Each processing step is modular, and normalization / filtering / aggregation can be applied optionally at any level depending on your analysis design

    1. Load DB search result (read functions)
    2. (optional) PSM-level filtering
    3. Log2 Transformation
    4. (optional) PSM normalization
    5. Summarize to peptides
    6. Protein inference
    7. Summarize to protein groups
    8. Analyze
    9. Save

Functions can be called from submodules:

- `pp`: preprocessing (filter, normalization, summarization, etc,)
- `tl`: tools (pca, umap, fasta annotation, DE analysis, etc,)
- `pl`: plotting (bar plot for ID, charges, and histograms, etc,)

<br><br>

Basic usages of `msmu` can be found down below:


### 0. Import msmu


In [None]:
import msmu as mm

### 1. Load DB search result

- Ingest outputs from DB search tools in to a unified MuData object.


In [None]:
mdata = mm.read_sage("sage/output/dir/", label="tmt")

mdata

### 2. (optional) PSM-level filtering

- Remove low-confidence PSMs / precursors (q-value, etc.).


In [None]:
mdata = mm.pp.add_filter(mdata, modality="psm", column="q_value", keep="lt", value=0.01)
mdata = mm.pp.apply_filter(mdata, modality="psm")
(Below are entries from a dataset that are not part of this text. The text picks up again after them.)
(* If every element of [I \subset S] contributes at least [c] on top of the
   rest of [S], then [f I >= c |I|]: telescoping along [I] and diminishing
   returns, since [I :\ e \subset S :\ e]. *)
Lemma marg_sum_lower_bound (c : R) (S I : {set T}) :
  I \subset S -> (forall e, e \in I -> c <= marg f (S :\ e) e) ->
  c * #|I|%:R <= f I.
Proof.
have [n] := ubnP #|I|; elim: n I => // n IH I ltIn IS cI.
have [->|[e eI]] := set_0Vmem I; first by rewrite cards0 mulr0 f_norm.
have IeS : I :\ e \subset S by rewrite (subset_trans (subsetDl _ _) IS).
have rest : c * #|I :\ e|%:R <= f (I :\ e).
  apply: IH IeS _ => [|x /setD1P[_ xI]]; last exact: cI.
  by move: ltIn; rewrite (cardsD1 e I) eI.
have step : marg f (S :\ e) e <= marg f (I :\ e) e.
  by apply: marg_antitone; [exact: setSD | rewrite setD11].
have card_I : #|I| = (#|I :\ e|).+1 by rewrite (cardsD1 e I) eI.
move: step (cI e eI); rewrite /marg (setD1K eI) card_I -addn1 natrD mulrDr mulr1.
lra.
Qed.

End Submodular.

Section MatroidRank.
Variables (T : finType) (M : matroid T).

Lemma mrank_witness (S : {set T}) :
  exists2 B : {set T}, (B \subset S) && mindep M B & #|B| = mrank M S.
Proof.
have gt0 : (0 < #|[pred B : {set T} | (B \subset S) && mindep M B]|)%N.
  by apply/card_gt0P; exists set0; rewrite inE sub0set mindep0.
have [B HB HBm] := eq_bigmax_cond (fun B : {set T} => #|B|) gt0.
by exists B; [exact: HB | rewrite /mrank HBm].
Qed.

Lemma indep_le_mrank (S B : {set T}) :
  B \subset S -> mindep M B -> (#|B| <= mrank M S)%N.
Proof.
by move=> BS iB; apply: (leq_bigmax_cond (F := fun B : {set T} => #|B|)); rewrite BS iB.
Qed.

Lemma mrank_mono (A B : {set T}) : A \subset B -> (mrank M A <= mrank M B)%N.
Proof.
move=> AB; have [W /andP[WA iW] <-] := mrank_witness A.
exact: indep_le_mrank (subset_trans WA AB) iW.
Qed.

(* Elements of [X] outside the span of the rest of [X] (coloops of [X]) belong
   to every maximum independent subset of [X]; so any set of them is
   independent. *)
Lemma coloops_indep (X K : {set T}) :
  X \subset mground M -> K \subset X ->
  (forall e, e \in K -> e \notin mspan M (X :\ e)) -> mindep M K.
Proof.
move=> Xg KX Kcoloop; have [B /andP[BX iB] rkB] := mrank_witness X.
apply: (mindep_sub _ iB); apply/subsetP => e eK; apply/negPn/negP => eB.
have eX := subsetP KX e eK.
have BXe : B \subset X :\ e.
  apply/subsetP => x xB; rewrite !inE (subsetP BX x xB) andbT.
  by apply: contraNneq eB => <-.
have := Kcoloop e eK; rewrite inE (subsetP Xg e eX) /= setD1K //.
by rewrite eqn_leq (mrank_mono (subsetDl X [set e])) -rkB indep_le_mrank.
Qed.

End MatroidRank.

(* In a matchoid, a subset [K] of [S] none of whose elements is spanned by
   the rest of [S] is independent: in each matroid [M j], [K] consists of
   coloops of [S :&: N_j]. *)
Lemma matchoid_indep_coloops (T J : finType) (M : J -> matroid T) (S K : {set T}) :
  K \subset S -> (forall e, e \in K -> e \notin matchoid_span M (S :\ e)) ->
  matchoid_indep M K.
Proof.
move=> KS Kout; apply/forallP => j.
apply: (@coloops_indep _ (M j) (S :&: mground (M j))); first exact: subsetIr.
  exact: setSI.
move=> e /setIP[eK eg]; apply: contra (Kout e eK) => e_span.
by apply/bigcupP; exists j => //; rewrite setIDAC.
Qed.

Lemma greedy_block_of_bound (R : realDomainType) (T : finType)
    (indep : {set T} -> bool) (f : {set T} -> R) (alpha lam : R)
    (w : {set T} -> R) (I : {set T} -> {set T}) :
  (forall S, (I S \subset S) && indep (I S)) ->
  0 <= alpha -> 0 <= lam -> (forall e, f [set e] <= lam) ->
  0 <= \sum_(S : {set T}) w S * #|S|%:R ->
  alpha * lam * (\sum_(S : {set T}) w S * #|S|%:R) <= \sum_(S : {set T}) w S * f (I S) ->
  greedy_block indep f alpha w I.
Proof.
move=> Iblock alpha0 lam0 f_lam size0 bound; split=> //; apply: le_trans bound.
have max_le : Num.max 0 (\big[Num.max/0]_(e : T) f [set e]) <= lam.
  rewrite ge_max lam0 /=; elim/big_ind: _ => // x y x_lam y_lam.
  by rewrite ge_max x_lam y_lam.
by rewrite [alpha * lam * _]mulrAC; exact: (ler_wpM2l (mulr_ge0 alpha0 size0) max_le).
Qed.

Section Construction.
Variables (R : realFieldType) (T J : finType) (M : J -> matroid T).
Variables (f : {set T} -> R) (eps lam : R).
Local Notation c := ((1 - eps) * lam).
Local Notation I := (Iset M f eps lam).

Definition low_marg (S : {set T}) : {set T} := [set e in S | marg f (S :\ e) e < c].
Definition spanned (S : {set T}) : {set T} :=
  [set e in S | e \in matchoid_span M (S :\ e)].

Lemma Iset_block (S : {set T}) : (I S \subset S) && matchoid_indep M (I S).
Proof.
have IS : I S \subset S by apply/subsetP => x /setIdP[].
rewrite IS; apply: matchoid_indep_coloops IS _ => e.
by rewrite inE => /andP[_ /andP[]].
Qed.

Lemma card_Iset_ge (S : {set T}) :
  (#|S| <= #|I S| + #|low_marg S| + #|spanned S|)%N.
Proof.
have cover : S \subset (I S :|: low_marg S) :|: spanned S.
  apply/subsetP => e eS; rewrite !inE eS /=.
  by case: (lerP c (marg f (S :\ e) e)); case: (e \in matchoid_span M (S :\ e)).
apply: leq_trans (subset_leq_card cover) _.
apply: leq_trans (leq_card_setU _ _).1 _; rewrite leq_add2r.
exact: (leq_card_setU _ _).1.
Qed.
### 3. Log2 Transformation

- Apply log2 transformation for quantification matrix
- Further steps will be proceed with assumption of log2 transformed values.


In [None]:
mdata = mm.pp.log2_transform(mdata, modality="psm")

mdata["psm"].to_df().T

### 4. (optional) PSM normalization

- Apply observation (sample) wise normalization


In [None]:
mdata = mm.pp.normalize(mdata, modality="psm", method="median", rescale=True)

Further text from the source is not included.